(* Let a have all its positive powers in V.  By the Fitting decomposition of
   the characteristic polynomial, some polynomial e = u(a) a^N with no
   constant term lies in V, is idempotent, and vanishes only if a is
   nilpotent; so it suffices to show that every idempotent e of V is 0.
   Conjugating by P, the torus becomes diagonal and the weight space of
   entry (i, j) is indexed by row i A - row j A; the functional f orders
   the basis indices by their "level" f(row i A).  The hypothesis on V says
   that for an idempotent E, the products of its strictly lower and strictly
   upper weight components vanish.  From this, the block diagonal part d of E
   satisfies (d - d^2)^2 = 0 (lemma [detour_sqr0]); lifting d - d^2 to a
   block diagonal idempotent and using the trace condition on Lambda shows
   d^2 = 0 ([nilpotent_defect_sqr0]); an induction over levels then gives
   E = 0 ([graded_idem_eq0]). *)

(* A square-zero matrix has trace zero, over any field (write M = L Q U with
   L, U invertible and Q a projection, and cycle the trace). *)
Lemma mxtrace_sqr0 (F : fieldType) (m : nat) (M : 'M[F]_m) :
  M *m M = 0 -> \tr M = 0.
Proof.
rewrite -(mulmx_ebase M).
set L := col_ebase M; set Q := pid_mx _; set U := row_ebase M.
have uL : L \in unitmx := col_ebase_unit M.
have uU : U \in unitmx := row_ebase_unit M.
have idQ : Q *m Q = Q by rewrite pid_mx_id // rank_leq_col.
move=> MM; have QULQ : Q *m (U *m L) *m Q = 0.
  have : invmx L *m ((L *m Q *m U) *m (L *m Q *m U)) *m invmx U = 0.
    by rewrite MM mulmx0 mul0mx.
  by rewrite !mulmxA mulVmx // mul1mx -!mulmxA mulmxV // mulmx1 !mulmxA.
rewrite mxtrace_mulC -[Q in U *m (L *m Q)]idQ !mulmxA mxtrace_mulC.
by rewrite !mulmxA -(mulmxA Q U L) QULQ mxtrace0.
Qed.

(* Fitting decomposition inside a subspace: if all positive powers of a lie
   in V, then V contains an idempotent polynomial in a which can vanish only
   when a is nilpotent. *)
Lemma fitting_idempotent (F : fieldType) (n : nat) (V : {vspace 'M[F]_n.+1})
    (a : 'M[F]_n.+1) :
  (forall m, (0 < m)%N -> a ^+ m \in V) ->
  exists N e, [/\ e \in V, e * e = e & (e = 0 -> a ^+ N = 0)].
Proof.
move=> hV.
have inV p N : (0 < N)%N -> horner_mx a (p * 'X^N) \in V.
  elim/poly_ind: p N => [|p x IH] N hN; first by rewrite mul0r rmorph0 mem0v.
  rewrite mulrDl -mulrA -exprS mul_polyC rmorphD /= memvD ?IH //.
  by rewrite horner_mxZ memvZ // rmorphXn /= horner_mx_X hV.
have [k [g g0 hchi]] := multiplicity_XsubC (char_poly a) 0.
rewrite subr0 in hchi.
have {}g0 : ~~ root g 0 by move: g0; rewrite monic_neq0 ?char_poly_monic.
have cop : coprimep ('X^(k.+1)) g.
  by rewrite coprimep_sym; apply: (coprimep_expr k.+1); rewrite coprimepX.
have [[u v] /= huv] := Bezout_eq1_coprimepP _ _ cop.
have chi0 p : horner_mx a (p * char_poly a) = 0.
  by rewrite rmorphM /= Cayley_Hamilton mulr0.
pose q := u * 'X^(k.+1).
have q1 : 1 - q = v * g by rewrite -huv /q; ring.
exists k.+1, (horner_mx a q); split; first exact: inV.
  apply/eqP; rewrite -subr_eq0 -rmorphM -rmorphB /=.
  have -> : q * q - q = - (u * v * 'X * char_poly a).
    have -> : q * q - q = - (q * (1 - q)) by ring.
    by rewrite q1 hchi /q exprSr; ring.
  by rewrite rmorphN /= chi0 oppr0.
move=> e0.
have : horner_mx a ('X^(k.+1) * (q + v * g)) = 0.
  have -> : 'X^(k.+1) * (q + v * g) = 'X^(k.+1) * q + v * 'X * char_poly a.
    by rewrite hchi exprSr; ring.
  by rewrite rmorphD /= chi0 addr0 rmorphM /= e0 mulr0.
by rewrite huv mulr1 rmorphXn /= horner_mx_X.
Qed.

What you are asked to do: In the listing above, how many lines include the string "exists"? Reply with the number alone.

Output for this exercise: 2